**TASK REQUIREMENTS**
Whenever the string "every" appears in a line below, please copy the line out.

**EXTRACTED RECORDS**
(* Let $r>0$, $0<p<1$, $q=1-p$, and let $X\sim\mathcal{UNB}(r,p)$ with probability mass function $$p(x)=\frac{q^{x}p^{r}}{1+x}\binom{r+x-1}{x}\,{}_2F_1(1,r+x;2+x;q),\qquad x=0,1,2,\dots.$$ Then for every $x=0,1,2,\dots$, $$p(x+1)=p(x)-\frac{p^{r}q^{x}}{x+1}\binom{r+x-1}{r-1},$$ and consequently $p(x+1)<p(x)$ for all $x\ge 0$, i.e. the distribution is strictly decreasing with mode at $0$.
   Context: For real $r>0$ and integer $x\ge0$, $\binom{r+x-1}{x}=\binom{r+x-1}{r-1}=\frac{\Gamma(r+x)}{x!\,\Gamma(r)}$. ${}_2F_1(a,b;c;z)=\sum_{n\ge0}\frac{(a)_n(b)_n}{(c)_n}\frac{z^n}{n!}$ with $(s)_n=s(s+1)\cdots(s+n-1)$, $(s)_0=1$. $\mathcal{UNB}(r,p)$ is the law of $X$ where $N$ is negative binomial with $P(N=n)=\binom{r+n-1}{n}p^rq^n$ and $X\mid N=n$ is uniform on $\{0,\dots,n\}$. *)

From Stdlib Require Import Reals Arith.
From Coquelicot Require Import Coquelicot.
Open Scope R_scope.

Fixpoint poch (s : R) (n : nat) : R :=
  match n with
  | O => 1
  | S m => poch s m * (s + INR m)
  end.

(* Generalized binomial coefficient binom(r+x-1, x) = Gamma(r+x)/(x! Gamma(r))
   = (r)_x / x!  (for real r > 0 and integer x >= 0); this is also
   binom(r+x-1, r-1) by the convention of the paper. *)
Definition nbinom (r : R) (x : nat) : R := poch r x / INR (Factorial.fact x).

Definition hyp2F1 (a b c z : R) : R :=
  Series (fun n => poch a n * poch b n / poch c n * z ^ n / INR (Factorial.fact n)).

Definition nb_pmf (r p : R) (n : nat) : R :=
  nbinom r n * Rpower p r * (1 - p) ^ n.

(* UNB(r,p): X | N = n uniform on {0,...,n}, N negative binomial.
   P(X = x) = sum_n P(N = n) * [x <= n] / (n+1). *)
Definition unb_pmf (r p : R) (x : nat) : R :=
  Series (fun n => nb_pmf r p n * (if Nat.leb x n then / INR (n + 1) else 0)).

From Stdlib Require Import Reals Lra Lia.
From Coquelicot Require Import Coquelicot.
Open Scope R_scope.

(* Given N = n, the event X = x has probability 1/(n+1) for every x <= n, so
   P(X = x) is the tail sum over n >= x of the weights w n = P(N = n)/(n+1).
   Hence P(X = x) - P(X = x+1) = w x > 0, which is the recurrence and the strict
   decrease.  The closed form follows by comparing the tail sum termwise with the
   hypergeometric series: w (x+k) / w x = (1)_k (r+x)_k / (2+x)_k q^k / k!. *)

Lemma poch_pos (s : R) (n : nat) : 0 < s -> 0 < poch s n.
Proof.
  intro hs; induction n as [|n IH]; simpl; [lra|].
  apply Rmult_lt_0_compat; [exact IH|]. pose proof (pos_INR n); lra.
Qed.

Lemma poch_add (s : R) (x k : nat) : poch s (x + k) = poch s x * poch (s + INR x) k.
Proof.
  induction k as [|k IH]; simpl.
  - rewrite Nat.add_0_r; ring.
  - rewrite Nat.add_succ_r; simpl. rewrite IH, plus_INR; ring.
Qed.

Lemma poch_nat_succ (m k : nat) :
  poch (INR m + 1) k * INR (Factorial.fact m) = INR (Factorial.fact (m + k)).
Proof.
  induction k as [|k IH]; cbn [poch].
  - rewrite Nat.add_0_r; ring.
  - rewrite Nat.add_succ_r.
    change (Factorial.fact (S (m + k))) with (S (m + k) * Factorial.fact (m + k))%nat.
    rewrite mult_INR, <- IH, S_INR, plus_INR. ring.
Qed.

Lemma poch_1 (k : nat) : poch 1 k = INR (Factorial.fact k).
Proof.
  pose proof (poch_nat_succ 0 k) as h; simpl in h.
  rewrite Rplus_0_l, Rmult_1_r in h; exact h.
Qed.

Lemma fact_INR_pos (n : nat) : 0 < INR (Factorial.fact n).
Proof. apply lt_0_INR, Factorial.lt_O_fact. Qed.

Lemma fact_S_INR (n : nat) : INR (Factorial.fact (S n)) = (INR n + 1) * INR (Factorial.fact n).
Proof.
  change (Factorial.fact (S n)) with (S n * Factorial.fact n)%nat.
  rewrite mult_INR, S_INR; ring.
Qed.

Lemma is_lim_seq_affine_ratio (a : R) :
  is_lim_seq (fun n => (a + INR n) / (INR n + 2)) 1.
Proof.
  assert (inv_lim : is_lim_seq (fun n => / INR (n + 2)) 0).
  { change (is_lim_seq (fun n => / INR (n + 2)) (Rbar_inv p_infty)).
    apply is_lim_seq_inv; [|discriminate].
    apply (is_lim_seq_incr_n INR 2 p_infty), is_lim_seq_INR. }
  eapply is_lim_seq_ext with (u := fun n => 1 + (a - 2) * / INR (n + 2)).
  - intro n. rewrite plus_INR. change (INR 2) with 2.
    field. pose proof (pos_INR n); lra.
  - replace (Finite 1) with (Rbar_plus 1 (Rbar_mult (a - 2) 0))
      by (simpl; f_equal; ring).
    apply is_lim_seq_plus'; [apply is_lim_seq_const|].
    apply is_lim_seq_mult'; [apply is_lim_seq_const | exact inv_lim].
Qed.

Lemma ex_series_indicator_ge (c : nat -> R) (x : nat) :
  ex_series c -> ex_series (fun n => if Nat.leb x n then c n else 0).
Proof.
  intro hc. apply (ex_series_incr_n _ x).
  apply ex_series_ext with (fun k => c (x + k)%nat).
  - intro k. replace (Nat.leb x (x + k)) with true by (symmetry; apply Nat.leb_le; lia).
    reflexivity.
  - now apply ex_series_incr_n.
Qed.

Lemma Series_indicator_ge (c : nat -> R) (x : nat) : ex_series c ->
  Series (fun n => if Nat.leb x n then c n else 0) = Series (fun k => c (x + k)%nat).
Proof.
  revert c; induction x as [|x IH]; intros c hc.
  - reflexivity.
  - rewrite Series_incr_1 by now apply ex_series_indicator_ge.
    simpl; rewrite Rplus_0_l.
    rewrite (IH (fun k => c (S k))) by exact (proj1 (ex_series_incr_1 c) hc).
    reflexivity.
Qed.

Lemma Series_tail_S (a : nat -> R) (x : nat) : ex_series a ->
  Series (fun k => a (x + k)%nat) = a x + Series (fun k => a (S x + k)%nat).
Proof.
  intro ha. rewrite Series_incr_1 by now apply ex_series_incr_n.
  rewrite Nat.add_0_r. f_equal. apply Series_ext; intro k. f_equal; lia.
Qed.

Section UniformNegativeBinomial.

Variables r p : R.

Definition unb_weight (n : nat) : R := nb_pmf r p n / INR (n + 1).

Lemma unb_weight_closed (n : nat) :
  unb_weight n = Rpower p r * (1 - p) ^ n / (INR n + 1) * nbinom r n.
Proof.
  unfold unb_weight, nb_pmf. rewrite plus_INR. simpl.
  field. pose proof (pos_INR n); lra.
Qed.

Lemma unb_weight_hyp2F1_term (x k : nat) :
  unb_weight (x + k) =
    (1 - p) ^ x * Rpower p r / (1 + INR x) * nbinom r x
    * (poch 1 k * poch (r + INR x) k / poch (2 + INR x) k
       * (1 - p) ^ k / INR (Factorial.fact k)).
Proof.
  assert (poch_2x : poch (2 + INR x) k
                    = INR (Factorial.fact (S x + k)) / INR (Factorial.fact (S x))).
  { rewrite <- poch_nat_succ, S_INR.
    replace (INR x + 1 + 1) with (2 + INR x) by ring.
    field. apply Rgt_not_eq, fact_INR_pos. }
  rewrite unb_weight_closed. unfold nbinom.
  rewrite poch_add, poch_1, poch_2x, pow_add, plus_Sn_m, !fact_S_INR.
  pose proof (fact_INR_pos x). pose proof (fact_INR_pos k).
  pose proof (fact_INR_pos (x + k)).
  pose proof (pos_INR x). pose proof (pos_INR (x + k)).
  field. repeat split; lra.
Qed.

Hypothesis hr : 0 < r.
Hypothesis hp0 : 0 < p.
Hypothesis hp1 : p < 1.

Lemma unb_weight_pos (n : nat) : 0 < unb_weight n.
Proof.
  rewrite unb_weight_closed. unfold nbinom.
  pose proof (pos_INR n). pose proof (exp_pos (r * ln p)).
  pose proof (pow_lt (1 - p) n ltac:(lra)).
  pose proof (poch_pos r n hr). pose proof (fact_INR_pos n).
  unfold Rpower. apply Rmult_lt_0_compat; apply Rdiv_lt_0_compat; try nra.
Qed.

Lemma unb_weight_ratio (n : nat) :
  unb_weight (S n) / unb_weight n = (1 - p) * ((r + INR n) / (INR n + 2)).
Proof.
  rewrite !unb_weight_closed. unfold nbinom. simpl poch.
  rewrite fact_S_INR, S_INR. simpl pow.
  pose proof (pos_INR n). pose proof (fact_INR_pos n).
  pose proof (poch_pos r n hr). pose proof (exp_pos (r * ln p)).
  pose proof (pow_lt (1 - p) n ltac:(lra)).
  unfold Rpower. field. repeat split; lra.
Qed.

Lemma ex_series_unb_weight : ex_series unb_weight.
Proof.
  assert (abs_eq : forall n, Rabs (unb_weight n) = unb_weight n)
    by (intro n; apply Rabs_pos_eq, Rlt_le, unb_weight_pos).
  apply ex_series_ext with (fun n => Rabs (unb_weight n)); [exact abs_eq|].
  apply ex_series_DAlembert with (1 - p); [lra | intro n; apply Rgt_not_eq, unb_weight_pos|].
  eapply is_lim_seq_ext.
  { intro n. rewrite <- unb_weight_ratio.
    symmetry; apply Rabs_pos_eq, Rlt_le, Rdiv_lt_0_compat; apply unb_weight_pos. }
  replace (Finite (1 - p)) with (Rbar_mult (1 - p) 1) by (simpl; f_equal; ring).
  apply is_lim_seq_mult'; [apply is_lim_seq_const | apply is_lim_seq_affine_ratio].
Qed.

Lemma unb_pmf_tail (x : nat) : unb_pmf r p x = Series (fun k => unb_weight (x + k)).
Proof.
  unfold unb_pmf. rewrite <- Series_indicator_ge by exact ex_series_unb_weight.
  apply Series_ext; intro n. unfold unb_weight. destruct (Nat.leb x n); unfold Rdiv; ring.
Qed.

Lemma unb_pmf_S (x : nat) : unb_pmf r p x = unb_weight x + unb_pmf r p (S x).
Proof.
  rewrite !unb_pmf_tail. apply Series_tail_S, ex_series_unb_weight.
Qed.

End UniformNegativeBinomial.

Theorem mainTheorem2 (r p : R) (hr : 0 < r) (hp0 : 0 < p) (hp1 : p < 1) :
  let q := 1 - p in
  (* the pmf of X ~ UNB(r,p) has the stated closed form *)
  (forall x : nat,
     unb_pmf r p x =
       q ^ x * Rpower p r / (1 + INR x) * nbinom r x
       * hyp2F1 1 (r + INR x) (2 + INR x) q) /\
  (* recurrence *)
  (forall x : nat,
     unb_pmf r p (S x) =
       unb_pmf r p x - Rpower p r * q ^ x / (INR x + 1) * nbinom r x) /\
  (* strict decrease *)
  (forall x : nat, unb_pmf r p (S x) < unb_pmf r p x).
Proof.
  intro q; split; [|split]; intro x.
  - rewrite (unb_pmf_tail r p hr hp0 hp1 x). unfold hyp2F1.
    rewrite <- Series_scal_l. apply Series_ext; intro k.
    exact (unb_weight_hyp2F1_term r p x k).
  - rewrite (unb_pmf_S r p hr hp0 hp1 x), (unb_weight_closed r p x).
    unfold q; ring.
  - rewrite (unb_pmf_S r p hr hp0 hp1 x).
    pose proof (unb_weight_pos r p hr hp1 x); lra.
Qed.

**EXPECTED ANSWER**
(* Let $r>0$, $0<p<1$, $q=1-p$, and let $X\sim\mathcal{UNB}(r,p)$ with probability mass function $$p(x)=\frac{q^{x}p^{r}}{1+x}\binom{r+x-1}{x}\,{}_2F_1(1,r+x;2+x;q),\qquad x=0,1,2,\dots.$$ Then for every $x=0,1,2,\dots$, $$p(x+1)=p(x)-\frac{p^{r}q^{x}}{x+1}\binom{r+x-1}{r-1},$$ and consequently $p(x+1)<p(x)$ for all $x\ge 0$, i.e. the distribution is strictly decreasing with mode at $0$.
(* Given N = n, the event X = x has probability 1/(n+1) for every x <= n, so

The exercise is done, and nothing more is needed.